▸ **WORK REQUIRED**
In the entries below, the lines from the one with "(0 < pbar j)%nat -> (0 < k)%nat ->" through the one with "intros Hy Hyj [Ht1 Ht2] Hpbar Hk Hfit." are to be copied exactly; both ends count.
-- DATA UNDER STUDY follows --
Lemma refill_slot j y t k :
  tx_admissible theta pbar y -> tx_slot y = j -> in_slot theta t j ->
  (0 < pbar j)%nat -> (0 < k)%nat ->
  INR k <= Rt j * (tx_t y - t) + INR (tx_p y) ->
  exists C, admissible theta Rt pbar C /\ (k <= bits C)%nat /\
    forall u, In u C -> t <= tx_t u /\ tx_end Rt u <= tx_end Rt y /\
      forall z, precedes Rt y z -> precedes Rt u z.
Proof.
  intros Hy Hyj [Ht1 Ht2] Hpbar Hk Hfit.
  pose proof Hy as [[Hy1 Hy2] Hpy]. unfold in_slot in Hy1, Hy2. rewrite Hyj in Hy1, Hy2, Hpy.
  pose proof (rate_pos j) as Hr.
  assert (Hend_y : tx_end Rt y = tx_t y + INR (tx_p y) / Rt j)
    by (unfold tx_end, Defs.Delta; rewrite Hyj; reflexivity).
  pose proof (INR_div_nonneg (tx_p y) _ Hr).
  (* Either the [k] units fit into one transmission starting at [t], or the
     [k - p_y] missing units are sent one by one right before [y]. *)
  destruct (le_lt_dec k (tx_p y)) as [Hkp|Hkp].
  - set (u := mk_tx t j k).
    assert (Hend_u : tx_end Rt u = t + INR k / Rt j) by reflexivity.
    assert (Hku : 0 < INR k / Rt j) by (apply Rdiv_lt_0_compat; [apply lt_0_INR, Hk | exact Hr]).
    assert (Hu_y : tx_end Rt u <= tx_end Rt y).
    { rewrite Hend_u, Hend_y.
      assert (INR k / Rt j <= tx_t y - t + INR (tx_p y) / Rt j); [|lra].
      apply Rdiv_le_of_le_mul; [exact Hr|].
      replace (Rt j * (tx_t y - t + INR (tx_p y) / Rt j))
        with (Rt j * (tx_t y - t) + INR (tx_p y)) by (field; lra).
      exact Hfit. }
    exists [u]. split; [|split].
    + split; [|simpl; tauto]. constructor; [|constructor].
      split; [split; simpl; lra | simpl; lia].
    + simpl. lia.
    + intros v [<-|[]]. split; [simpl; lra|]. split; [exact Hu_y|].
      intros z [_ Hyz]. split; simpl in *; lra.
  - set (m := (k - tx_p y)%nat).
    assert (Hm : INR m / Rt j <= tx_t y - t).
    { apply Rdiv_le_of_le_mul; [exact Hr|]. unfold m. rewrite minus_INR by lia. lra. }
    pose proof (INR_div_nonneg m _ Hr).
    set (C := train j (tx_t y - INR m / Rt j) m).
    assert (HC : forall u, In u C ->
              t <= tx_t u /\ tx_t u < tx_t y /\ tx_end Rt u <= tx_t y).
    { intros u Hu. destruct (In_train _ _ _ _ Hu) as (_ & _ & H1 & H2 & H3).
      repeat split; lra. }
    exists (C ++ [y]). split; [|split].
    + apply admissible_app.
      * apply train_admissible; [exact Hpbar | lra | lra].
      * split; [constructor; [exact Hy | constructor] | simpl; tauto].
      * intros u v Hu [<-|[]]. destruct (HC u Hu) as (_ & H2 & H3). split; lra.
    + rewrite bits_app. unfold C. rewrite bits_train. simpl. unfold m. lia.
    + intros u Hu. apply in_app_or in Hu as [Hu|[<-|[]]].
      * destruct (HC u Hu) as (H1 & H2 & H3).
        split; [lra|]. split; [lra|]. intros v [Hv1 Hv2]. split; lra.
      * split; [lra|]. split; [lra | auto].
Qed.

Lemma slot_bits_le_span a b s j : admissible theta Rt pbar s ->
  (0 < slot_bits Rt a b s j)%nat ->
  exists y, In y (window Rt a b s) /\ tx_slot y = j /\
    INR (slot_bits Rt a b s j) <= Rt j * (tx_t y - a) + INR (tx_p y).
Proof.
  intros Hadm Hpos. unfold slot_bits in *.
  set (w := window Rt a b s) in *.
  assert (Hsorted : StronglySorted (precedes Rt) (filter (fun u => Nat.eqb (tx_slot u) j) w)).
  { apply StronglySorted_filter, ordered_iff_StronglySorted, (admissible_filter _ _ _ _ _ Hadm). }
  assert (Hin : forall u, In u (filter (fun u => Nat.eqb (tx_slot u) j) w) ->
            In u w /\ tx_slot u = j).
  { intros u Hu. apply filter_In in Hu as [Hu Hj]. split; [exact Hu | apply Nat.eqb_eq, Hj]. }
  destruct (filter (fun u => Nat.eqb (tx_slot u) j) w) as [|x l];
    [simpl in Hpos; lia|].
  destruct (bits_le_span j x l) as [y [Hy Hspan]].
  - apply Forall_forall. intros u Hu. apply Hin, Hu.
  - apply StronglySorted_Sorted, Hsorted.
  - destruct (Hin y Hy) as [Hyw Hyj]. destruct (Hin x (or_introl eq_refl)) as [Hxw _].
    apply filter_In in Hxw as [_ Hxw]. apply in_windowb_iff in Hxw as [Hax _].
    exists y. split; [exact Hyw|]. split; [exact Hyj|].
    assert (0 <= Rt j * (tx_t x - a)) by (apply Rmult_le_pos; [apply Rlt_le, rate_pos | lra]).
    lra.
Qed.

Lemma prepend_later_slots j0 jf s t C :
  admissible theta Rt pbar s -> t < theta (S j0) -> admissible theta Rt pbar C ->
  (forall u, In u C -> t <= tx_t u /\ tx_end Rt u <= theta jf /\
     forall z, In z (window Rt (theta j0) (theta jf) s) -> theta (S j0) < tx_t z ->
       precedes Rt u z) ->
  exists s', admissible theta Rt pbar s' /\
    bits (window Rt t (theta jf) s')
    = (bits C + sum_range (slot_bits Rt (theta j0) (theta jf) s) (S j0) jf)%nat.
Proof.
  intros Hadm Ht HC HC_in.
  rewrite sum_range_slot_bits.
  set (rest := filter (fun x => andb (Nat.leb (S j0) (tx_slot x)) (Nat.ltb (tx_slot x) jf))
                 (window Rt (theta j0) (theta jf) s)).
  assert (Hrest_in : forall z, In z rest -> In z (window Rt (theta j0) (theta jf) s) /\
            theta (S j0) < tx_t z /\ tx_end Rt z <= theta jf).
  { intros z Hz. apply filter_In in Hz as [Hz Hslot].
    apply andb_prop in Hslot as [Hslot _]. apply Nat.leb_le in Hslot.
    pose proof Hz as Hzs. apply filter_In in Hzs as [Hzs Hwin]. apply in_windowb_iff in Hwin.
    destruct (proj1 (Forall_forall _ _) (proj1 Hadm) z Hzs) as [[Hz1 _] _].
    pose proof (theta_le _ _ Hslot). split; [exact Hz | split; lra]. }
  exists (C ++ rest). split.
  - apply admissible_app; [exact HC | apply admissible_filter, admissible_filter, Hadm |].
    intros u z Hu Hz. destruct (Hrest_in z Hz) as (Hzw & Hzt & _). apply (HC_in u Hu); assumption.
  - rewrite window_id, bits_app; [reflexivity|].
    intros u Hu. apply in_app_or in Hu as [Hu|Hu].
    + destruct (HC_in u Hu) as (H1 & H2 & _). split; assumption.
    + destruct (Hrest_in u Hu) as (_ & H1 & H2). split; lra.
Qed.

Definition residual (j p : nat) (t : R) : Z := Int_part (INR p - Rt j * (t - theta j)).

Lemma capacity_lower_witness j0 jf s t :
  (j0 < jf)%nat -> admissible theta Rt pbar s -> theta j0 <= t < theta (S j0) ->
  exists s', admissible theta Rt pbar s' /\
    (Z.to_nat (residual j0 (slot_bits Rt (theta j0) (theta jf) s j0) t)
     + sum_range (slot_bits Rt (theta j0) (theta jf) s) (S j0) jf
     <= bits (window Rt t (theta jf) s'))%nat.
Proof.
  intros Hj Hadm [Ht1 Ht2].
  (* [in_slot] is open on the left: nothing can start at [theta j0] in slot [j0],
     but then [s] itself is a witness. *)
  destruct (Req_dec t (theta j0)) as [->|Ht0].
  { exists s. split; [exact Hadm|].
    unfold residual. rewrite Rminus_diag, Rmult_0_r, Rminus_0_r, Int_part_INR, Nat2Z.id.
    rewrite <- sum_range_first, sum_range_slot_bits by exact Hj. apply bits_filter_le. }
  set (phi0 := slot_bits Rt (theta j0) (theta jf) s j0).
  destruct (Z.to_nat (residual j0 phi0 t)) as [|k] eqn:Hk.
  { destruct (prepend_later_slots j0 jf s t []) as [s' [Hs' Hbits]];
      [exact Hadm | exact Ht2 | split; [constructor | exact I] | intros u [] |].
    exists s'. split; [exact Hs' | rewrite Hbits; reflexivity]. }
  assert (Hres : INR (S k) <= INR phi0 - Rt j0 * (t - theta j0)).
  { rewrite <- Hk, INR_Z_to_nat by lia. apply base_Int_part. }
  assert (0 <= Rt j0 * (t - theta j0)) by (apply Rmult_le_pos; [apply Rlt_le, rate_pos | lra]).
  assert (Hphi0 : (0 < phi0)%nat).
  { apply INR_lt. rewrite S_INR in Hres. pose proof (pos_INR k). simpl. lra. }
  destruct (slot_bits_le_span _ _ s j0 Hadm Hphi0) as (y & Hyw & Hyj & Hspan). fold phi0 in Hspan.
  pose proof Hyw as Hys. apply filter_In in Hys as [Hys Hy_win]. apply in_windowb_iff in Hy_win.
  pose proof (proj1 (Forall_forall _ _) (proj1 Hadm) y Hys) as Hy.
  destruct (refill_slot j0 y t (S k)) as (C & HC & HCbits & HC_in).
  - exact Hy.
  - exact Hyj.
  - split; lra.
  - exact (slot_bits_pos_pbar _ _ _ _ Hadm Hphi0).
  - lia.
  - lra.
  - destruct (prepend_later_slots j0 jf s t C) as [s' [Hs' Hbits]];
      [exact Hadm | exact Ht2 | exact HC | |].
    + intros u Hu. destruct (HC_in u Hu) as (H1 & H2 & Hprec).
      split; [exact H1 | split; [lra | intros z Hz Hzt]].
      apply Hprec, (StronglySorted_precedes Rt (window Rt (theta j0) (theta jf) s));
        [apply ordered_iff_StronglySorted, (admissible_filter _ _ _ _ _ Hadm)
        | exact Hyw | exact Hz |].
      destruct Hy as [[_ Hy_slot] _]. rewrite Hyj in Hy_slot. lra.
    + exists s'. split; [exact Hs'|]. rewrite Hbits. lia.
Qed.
-- DATA UNDER STUDY concluded --
▸ **SOLUTION FOR THIS PROBLEM**
  (0 < pbar j)%nat -> (0 < k)%nat ->
  INR k <= Rt j * (tx_t y - t) + INR (tx_p y) ->
  exists C, admissible theta Rt pbar C /\ (k <= bits C)%nat /\
    forall u, In u C -> t <= tx_t u /\ tx_end Rt u <= tx_end Rt y /\
      forall z, precedes Rt y z -> precedes Rt u z.
Proof.
  intros Hy Hyj [Ht1 Ht2] Hpbar Hk Hfit.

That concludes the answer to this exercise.